The goal of our project is to build a secure smart doorbell. There are several similar products like Dropcam, Nest Cam Indoor which are able to help you monitor house safety even when you are not at home. While these products are expensive and they may not have some of the function that we want. What if we want a smart doorbell which can recognize the person who is pressing the doorbell, and if this person has access in our database, door will open automatically. The user will receive a notification message and email at the same time. We are still working on realizing the function that the Pi will send the image to user’s phone and user can send a signal to open the door when recognition fails.
User presses button (knocking at the door) -> IoT button sends signal to AWS topic -> Pi receives signal from the topic -> trigger OpenCV facial recognition to detect and check whether this person has access -> If recognition succeeds, then sends signal to AWS topic -> freedom board gets signal from the topic -> turn on green light (open the door). Also, user can manually verify and approve the access by clicking another IoT button.We are using AWS MQTT channel to intercommunicate with Pi. When the button is pressed, it will send string “RUN” to our topic (freertos/demos/echo) since we set up a lambda function to publish a message to the topic. For using IoT button, you need to download keys and certificate from AWS and configure them into your button. And In lambda function, you need to define your endpoint, the topic and the payload(message) you want to publish. Once you set up things above, you are able to send a message to the AWS topic.

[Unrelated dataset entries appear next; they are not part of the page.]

Theorem mainTheorem12 (R : realType) (xs : nat -> nat -> R) (eps alpha : R) :
  block_seq xs -> 0 < eps -> eps < 1 -> 0 < alpha ->
  (forall n, Iinf (xs n) = 0) ->
  (forall n, `|Jnorm (xs n) - alpha| < alpha * eps) ->
  forall (N : nat) (lam : nat -> R),
    let v := fun k => \sum_(n < N) lam n * xs n k in
    let l2 := Num.sqrt (\sum_(n < N) lam n ^+ 2) in
    (1 - eps) * alpha * l2 <= Jnorm v /\
    Jnorm v <= Num.sqrt 2 * (1 + eps) * alpha * l2.
Proof.
move=> xs_block eps_gt0 eps_lt1 alpha_gt0 Iinf0 Jxs_near N lam v l2.
have [lo [hi [xs_supp lo_le_hi hi_lt_lo]]] := block_seq_windows xs_block.
have S2_ge0 : 0 <= \sum_(n < N) lam n ^+ 2 by apply: sumr_ge0 => n _; apply: sqr_ge0.
have [Jxs_ge Jxs_le] : (forall n, (1 - eps) * alpha <= Jnorm (xs n)) /\
    (forall n, Jnorm (xs n) <= (1 + eps) * alpha).
  by split=> n; have := Jxs_near n; rewrite ltr_norml => /andP[? ?]; lra.
have c_ge0 : 0 <= (1 - eps) * alpha by apply: mulr_ge0; lra.
have lower : ((1 - eps) * alpha * l2) ^+ 2 <= Jnorm v ^+ 2.
  apply: le_trans (Jnorm_comb_sqr_ge xs_supp lo_le_hi hi_lt_lo lam N).
  rewrite exprMn sqr_sqrtr // mulrC mulr_suml; apply: ler_sum => n _.
  by rewrite ler_wpM2l ?sqr_ge0 // ler_sqr ?nnegrE ?Jxs_ge ?sqrtr_ge0.
have upper : Jnorm v ^+ 2 <= (Num.sqrt 2 * (1 + eps) * alpha * l2) ^+ 2.
  apply: le_trans (Jnorm_comb_sqr_le xs_supp lo_le_hi hi_lt_lo Iinf0 lam N) _.
  have -> : (Num.sqrt 2 * (1 + eps) * alpha * l2) ^+ 2 =
      2 * (((1 + eps) * alpha) ^+ 2 * \sum_(n < N) lam n ^+ 2).
    by rewrite !exprMn !sqr_sqrtr //; ring.
  rewrite ler_wpM2l // mulrC mulr_suml; apply: ler_sum => n _.
  rewrite ler_wpM2l ?sqr_ge0 // ler_sqr ?nnegrE ?Jxs_le ?sqrtr_ge0 //.
  by apply: mulr_ge0; lra.
have [Jv_ge0 l2_ge0] : 0 <= Jnorm v /\ 0 <= l2 by split; apply: sqrtr_ge0.
by split; [move: lower|move: upper]; rewrite ler_sqr ?nnegrE ?sqrtr_ge0 ?mulr_ge0 //; lra.
Qed.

Pi is expected to receive a message from the topic, thus you need to add new thing Pi in your AWS console. We are using AWSIoTPythonSDK to realize the function of receiving a signal and sending a signal from/to the topic that you subscribe and a Pi camera to capture the images. Also, download the key and certificates, then set up your endpoint, certificate path, key paths, and the topic. The customCallback() function is to receive the message from the MQTT topic. If the message we get from the topic is “RUN” sent by the button, it will trigger OpenCV and recognize the person by the model we trained. If the visitor matches one of the people in our database, it will send a signal to myAWSIoTMQTTClient.publish() which will publish a message to MQTT topic. For example, “SINGLE” is the keyword in our demo.

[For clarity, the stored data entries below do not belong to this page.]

Lemma split_epi a b (e : hom a b) (s : hom b a) : e \oc s = idm b -> is_epi e.
Proof. by move=> es x h1 h2 E; rewrite -(compm1 h1) -(compm1 h2) -es !compA E. Qed.

Lemma split_mono_cancel a b c (q : hom b c) (r : hom c b) (h1 h2 : hom a b) :
  r \oc q = idm b -> q \oc h1 = q \oc h2 -> h1 = h2.
Proof. by move=> rq E; rewrite -(comp1m h1) -(comp1m h2) -rq -!compA E. Qed.

Lemma comp_canRL a b c (q : hom a b) (s : hom b a) (h : hom b c) (k : hom a c) :
  q \oc s = idm b -> h \oc q = k -> h = k \oc s.
Proof. by move=> qs <-; rewrite -compA qs compm1. Qed.

End EnrichedCategory.

Section MonoidalCategory.
Variable V : MonCat.
Implicit Types a b c d x : V.

Lemma tensm0l a b c d (g : hom c d) : (0 : hom a b) \ot g = 0.
Proof.
have E := tensmDl (0 : hom a b) 0 g; rewrite addr0 in E.
by apply: (@addrI _ (0 \ot g)); rewrite -E addr0.
Qed.

Lemma tensm0r a b c d (f : hom a b) : f \ot (0 : hom c d) = 0.
Proof.
have E := tensmDr f (0 : hom c d) 0; rewrite addr0 in E.
by apply: (@addrI _ (f \ot 0)); rewrite -E addr0.
Qed.

Lemma tensmNl a b c d (f : hom a b) (g : hom c d) : (- f) \ot g = - (f \ot g).
Proof. by apply/eqP; rewrite -addr_eq0 -tensmDl addNr tensm0l. Qed.

Lemma tensmNr a b c d (f : hom a b) (g : hom c d) : f \ot (- g) = - (f \ot g).
Proof. by apply/eqP; rewrite -addr_eq0 -tensmDr addNr tensm0r. Qed.

Lemma tensmBl a b c d (f f' : hom a b) (g : hom c d) : (f - f') \ot g = f \ot g - f' \ot g.
Proof. by rewrite tensmDl tensmNl. Qed.

Lemma tensmBr a b c d (f : hom a b) (g g' : hom c d) : f \ot (g - g') = f \ot g - f \ot g'.
Proof. by rewrite tensmDr tensmNr. Qed.

Lemma tensm_compl a b c x (f : hom b c) (f' : hom a b) :
  (f \oc f') \ot idm x = (f \ot idm x) \oc (f' \ot idm x).
Proof. by rewrite -tensm_comp comp1m. Qed.

Lemma tensm_compr a b c x (g : hom b c) (g' : hom a b) :
  idm x \ot (g \oc g') = (idm x \ot g) \oc (idm x \ot g').
Proof. by rewrite -tensm_comp comp1m. Qed.

Lemma tensm_compl_outer a b c a' b' (f : hom b c) (f' : hom a b) (g : hom a' b') :
  (f \oc f') \ot g = (f \ot idm b') \oc (f' \ot g).
Proof. by rewrite -tensm_comp comp1m. Qed.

For freedom board, we are using C SDK to receive a message from MQTT topic, which is the same topic channel as before(freertos/demos/echo). If the message freedom board gets equals to “SINGLE” same as Pi published, it will turn green light on, which means the door opens.
01_face_dataset.py, 02_face_training.py, 03_face_recognition.py and haarcascade_frontalface_default.xml. These files can help you build up your own dataset and model. The model generated named trainer.yml should be placed in trainer folder. More details shown in FinalProjectReport.

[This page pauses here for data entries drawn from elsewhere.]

(* Let $\mathbf L=(L,\vee,\wedge)$ be a partial lattice and $E\in\operatorname{Con}\mathbf L$. Then $\mathbf L/E:=(L/E,\vee,\wedge)$ is a partial lattice.
   Context: A partial lattice is a set $L$ with two partial binary operations $\vee,\wedge$ satisfying the strong identities $x\vee x\stackrel{s}{\approx}x$, $x\wedge x\stackrel{s}{\approx}x$, $x\vee y\stackrel{s}{\approx}y\vee x$, $x\wedge y\stackrel{s}{\approx}y\wedge x$, $(x\vee y)\vee z\stackrel{s}{\approx}x\vee(y\vee z)$, $(x\wedge y)\wedge z\stackrel{s}{\approx}x\wedge(y\wedge z)$ (for every assignment, one side is defined iff the other is, and then they are equal) and the duality conditions: if $a\vee b$ is defined and equals $a$ then $a\wedge b$ is defined and equals $b$; if $a\wedge b$ is defined and equals $a$ then $a\vee b$ is defined and equals $b$. Its induced order is $x\leq y$ iff $x\vee y$ is defined and equals $y$. The two-point extension $\mathbf L^*=(L^*,\leq^* )$, with new elements $0,1\notin L$: $L^*$ is $L$ together with a new top element $1$ if $\vee$ is not everywhere defined and a new bottom element $0$ if $\wedge$ is not everywhere defined; $\leq^*$ extends $\leq$ by putting $0$ below and $1$ above all elements; it is a lattice with operations $\vee^*=\sup_{\leq^*}$, $\wedge^*=\inf_{\leq^*}$. A congruence on $\mathbf L$ is an equivalence relation $E$ on $L$ with $\Theta(E)\cap L^2=E$, where $\Theta(E)$ is the lattice congruence on $\mathbf L^*$ generated by $E$; $\operatorname{Con}\mathbf L$ is the set of these. For $E\in\operatorname{Con}\mathbf L$ the partial operations on $L/E$ are: $[x]E\vee[y]E:=[x\vee^*y]\Theta(E)\cap L$ if this set is non-empty, undefined otherwise; $[x]E\wedge[y]E:=[x\wedge^*y]\Theta(E)\cap L$ if this set is non-empty, undefined otherwise (these are well defined). *)

From Stdlib Require Import ClassicalEpsilon.

Set Implicit Arguments.

Definition obind {A B : Type} (f : A -> option B) (o : option A) : option B :=
  match o with Some a => f a | None => None end.

Definition pset (T : Type) := T -> Prop.

Definition partial_lattice_on (T : Type) (P : pset T)
  (j m : T -> T -> option T) : Prop :=
  (forall x y z, P x -> P y -> j x y = Some z -> P z) /\
  (forall x y z, P x -> P y -> m x y = Some z -> P z) /\
  (forall x, P x -> j x x = Some x) /\
  (forall x, P x -> m x x = Some x) /\
  (forall x y, P x -> P y -> j x y = j y x) /\
  (forall x y, P x -> P y -> m x y = m y x) /\
  (* associativity: one side defined iff the other is, and then equal *)
  (forall x y z, P x -> P y -> P z ->
     obind (fun u => j u z) (j x y) = obind (fun v => j x v) (j y z)) /\
  (forall x y z, P x -> P y -> P z ->
     obind (fun u => m u z) (m x y) = obind (fun v => m x v) (m y z)) /\
  (forall a b, P a -> P b -> j a b = Some a -> m a b = Some b) /\
  (forall a b, P a -> P b -> m a b = Some a -> j a b = Some b).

lambda.js is a nodejs file which should be set up in AWS IoT lambda function.
frdmk64f_aws_device_configuration_enet is a folder of configuration of freedom board.
FinalProjectDemo.mp4 and FinalProjectReport.docx show more details on the devices and codes.
Unzip frdmk64f_aws_device_configuration_enet.zip and REPLACE the origin files.
Python subscribe.py (before that, add the paths of your own certificate, key, RootCA... into line #15 to #22).
Press IoT button.
If Picamera recognizes the person, the light of freedom board will turn green. Otherwise, it remains red.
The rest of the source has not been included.